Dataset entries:
Lemma exists_balancing_shuttle k (side : pred T) (h g : T -> nat) x0 z0 :
  1 < k -> e x0 z0 -> ((forall x z, e x z -> side x != side z) -> k <= 2) ->
  odd k || ~~ odd (\sum_v h v + \sum_v g v) ->
  exists x z mu, [/\ e x z, mu + ~~ odd k < k &
    balanced k side (fun v => h v + mu * ((x == v) + (z == v))) g].
Proof.
move=> k_gt1 xz0 bipartite parity; rewrite /balanced.
set P := \sum_(v | ~~ side v) h v + \sum_(v | side v) g v.
set Q := \sum_(v | side v) h v + \sum_(v | ~~ side v) g v.
have PQ : P + Q = \sum_v h v + \sum_v g v.
  by rewrite [\sum_v h v](bigID side) [\sum_v g v](bigID side) /=; lia.
have [|] := boolP [exists x, exists z, e x z && (side x == side z)]; last first.
  move/existsPn=> no_same; have k2 : k = 2.
    apply/eqP; rewrite eqn_leq k_gt1 andbT; apply: bipartite => x z xz.
    by move/existsPn: (no_same x) => /(_ z); rewrite xz.
  exists x0, z0, 0; rewrite !sum_add_shuttle_weight !mul0n !addn0 -/P -/Q k2; split => //.
  by move: parity; rewrite k2 -PQ !modn2 oddD; case: (odd P); case: (odd Q).
move=> /existsP [x /existsP [z /andP [xz /eqP same]]].
have [|mu [mu_congr mu_lt]] := exists_double_addn_mod
  (a := if side x then Q else P) (b := if side x then P else Q) (ltnW k_gt1).
  by case: (side x); rewrite ?PQ // addnC PQ.
exists x, z, mu; split => //.
rewrite !sum_add_shuttle_weight -same; case: (side x) mu_congr => /= mu_congr.
  by rewrite -[0 + 0]/0 muln0 addn0 -/P addnAC -/Q -[1 + 1]/2 muln2 mu_congr.
by rewrite -[0 + 0]/0 muln0 addn0 -/Q addnAC -/P -[1 + 1]/2 muln2 mu_congr.
Qed.

End Balance.

Section SpanningTree.
Variables (T : finType) (e : rel T) (y : T).
Hypothesis y_conn : forall v, connect e y v.

Definition reachable_in n v := [exists p : n.-tuple T, path e y p && (last y p == v)].

Lemma reachable_in_path p : path e y p -> reachable_in (size p) (last y p).
Proof. by move=> yp; apply/existsP; exists (in_tuple p); rewrite yp eqxx. Qed.

Lemma reachable_in_edge n u v : reachable_in n u -> e u v -> reachable_in n.+1 v.
Proof.
move=> /existsP [p /andP [yp /eqP pu]] uv; apply/existsP; exists [tuple of rcons p v].
by rewrite rcons_path yp pu uv last_rcons eqxx.
Qed.

Lemma reachable_in_exists v : exists n, reachable_in n v.
Proof. by have /connectP [p yp ->] := y_conn v; exists (size p); apply: reachable_in_path. Qed.

Definition dist v := ex_minn (reachable_in_exists v).

Lemma reachable_in_dist v : reachable_in (dist v) v.
Proof. by rewrite /dist; case: ex_minnP. Qed.

Lemma dist_min n v : reachable_in n v -> dist v <= n.
Proof. by rewrite /dist; case: ex_minnP => m _; apply. Qed.

Lemma dist_root : dist y = 0.
Proof. by apply/eqP; rewrite -leqn0; apply: dist_min (reachable_in_path (p := [::]) _). Qed.

Lemma dist_parent v : v != y -> exists2 u, e u v & (dist u).+1 = dist v.
Proof.
move=> vy; have /existsP [p /andP [yp /eqP pv]] := reachable_in_dist v.
move: (size_tuple p) yp pv; case/lastP: (tval p) => [_ _ yv | q u].
  by rewrite -yv eqxx in vy.
rewrite size_rcons rcons_path last_rcons => q_size /andP [yq qu] uv; subst u.
exists (last y q) => //.
have := dist_min (reachable_in_path yq).
have := dist_min (reachable_in_edge (reachable_in_dist (last y q)) qu).
lia.
Qed.

Lemma exists_spanning_tree : exists (par : T -> T) (depth : T -> nat),
  depth y = 0 /\ forall v, v != y -> e (par v) v /\ (depth (par v)).+1 = depth v.
Proof.
exists (fun v => odflt y [pick u | e u v && ((dist u).+1 == dist v)]), dist.
split => [|v vy]; first exact: dist_root.
case: pickP => [u /andP [uv /eqP] // | none].
by have [u uv du] := dist_parent vy; move: (none u); rewrite uv du eqxx.
Qed.

End SpanningTree.

Section RootedTree.
Variables (T : finType) (e : rel T) (y : T) (par : T -> T) (depth : T -> nat).
Hypothesis esym : symmetric e.
Hypothesis depth_root : depth y = 0.
Hypothesis par_edge : forall v, v != y -> e (par v) v.
Hypothesis depth_par : forall v, v != y -> (depth (par v)).+1 = depth v.

Lemma depth_par_lt v : v != y -> depth (par v) < depth v.
Proof. by move/depth_par <-. Qed.

Lemma par_neq v : v != y -> (par v == v) = false.
Proof. by move/depth_par_lt; apply: contraTF => /eqP ->; rewrite ltnn. Qed.

Definition tree_load (m : T -> nat) (w : T) : nat :=
  \sum_(v | v != y) m v * ((par v == w) + (v == w)).

Lemma sum_tree_load (P : pred T) m :
  \sum_(w | P w) tree_load m w = \sum_(v | v != y) m v * (P (par v) + P v).
Proof.
rewrite /tree_load exchange_big /=; apply: eq_bigr => v _.
by rewrite -big_distrr big_split /= !sum_indicator.
Qed.

Lemma tree_load_balance m :
  \sum_(w | ~~ odd (depth w)) tree_load m w = \sum_(w | odd (depth w)) tree_load m w.
Proof.
rewrite !sum_tree_load; apply: eq_bigr => v vy.
by rewrite -(depth_par vy) /=; case: (odd (depth (par v))).
Qed.

Lemma tree_loadE m w : w != y ->
  tree_load m w = m w + \sum_(v | (v != y) && (par v == w)) m v.
Proof.
move=> wy; rewrite /tree_load (bigD1 w) //= par_neq // eqxx muln1; congr (_ + _).
rewrite big_mkcond [RHS]big_mkcond; apply: eq_bigr => v _.
have [-> | vw] := eqVneq v w; first by rewrite par_neq // andbF.
by rewrite /= andbT addn0; case: (v != y); case: (par v == w); rewrite ?muln0 ?muln1.
Qed.

Lemma exists_tree_walk_on m (S : {set T}) : (forall v, v != y -> 0 < m v) ->
  y \in S -> (forall v, v \in S -> v != y -> par v \in S) ->
  exists s, [/\ path e y s, last y s = y, {subset S <= y :: s},
    size s = (\sum_(v in S | v != y) m v).*2 &
    forall w, walk_deg y s w = (\sum_(v in S | v != y) m v * ((par v == w) + (v == w))).*2].
Proof.
move=> m_gt0; move: {2}#|S| (leqnn #|S|) => N; elim: N S => [|N IH] S S_size yS S_closed.
  by move: S_size; rewrite leqn0 => /eqP /cards0_eq S0; rewrite S0 inE in yS.
have [S_root | [v0 v0S]] := set_0Vmem (S :\ y).
  have no_other v : (v \in S) && (v != y) = false by rewrite andbC -in_setD1 S_root inE.
  exists [::]; split => // [v vS | | w]; rewrite ?big_pred0 //.
  by rewrite inE; apply: contraFT (no_other v) => vy; rewrite vS.
pose u := [arg max_(v > v0 in S :\ y) depth v].
have [u_in u_max] : u \in S :\ y /\ forall v, v \in S :\ y -> depth v <= depth u.
  by rewrite /u; case: arg_maxnP.
move: (u_in); rewrite in_setD1 => /andP [uy uS].
have par_u_ne v : v \in S -> v != y -> par v != u.
  move=> vS vy; apply: contraTneq (depth_par_lt vy) => ->; rewrite -leqNgt.
  by apply: u_max; rewrite in_setD1 vy.
have [|||s [ys s_last s_cover s_size s_deg]] := IH (S :\ u).
- by move: S_size; rewrite (cardsD1 u S) uS.
- by rewrite in_setD1 eq_sym uy.
- move=> v; rewrite in_setD1 => /andP [_ vS] vy.
  by rewrite in_setD1 par_u_ne ?S_closed.
have par_u_in : par u \in y :: s.
  by apply: s_cover; rewrite in_setD1 par_neq ?S_closed.
have [s' [ys' s'_last s'_size s'_cover s'_deg]] := splice_shuttle esym (m u) ys par_u_in (par_edge uy).
have split_u (F : T -> nat) :
    \sum_(v in S | v != y) F v = F u + \sum_(v in S :\ u | v != y) F v.
  rewrite (bigD1 u) /= ?uS //; congr (_ + _); apply: eq_bigl => v.
  by rewrite in_setD1 andbC andbA.
exists s'; split => //.
- by rewrite s'_last.
- move=> v vS; apply: s'_cover; rewrite -cat_cons mem_cat; apply/orP.
  have [-> | vu] := eqVneq v u; first by right; rewrite mem_shuttle ?m_gt0.
  by left; apply: s_cover; rewrite in_setD1 vu.
- by rewrite s'_size s_size split_u doubleD addnC.
- by move=> w; rewrite s'_deg s_deg split_u doubleD addnC.
Qed.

## About this exercise
Out of the data above, give again only the lines starting at the one holding "have [|||s [ys" and ending at the one holding "by apply: s_cover;", unchanged.

## Solved problem
have [|||s [ys s_last s_cover s_size s_deg]] := IH (S :\ u).
- by move: S_size; rewrite (cardsD1 u S) uS.
- by rewrite in_setD1 eq_sym uy.
- move=> v; rewrite in_setD1 => /andP [_ vS] vy.
  by rewrite in_setD1 par_u_ne ?S_closed.
have par_u_in : par u \in y :: s.
  by apply: s_cover; rewrite in_setD1 par_neq ?S_closed.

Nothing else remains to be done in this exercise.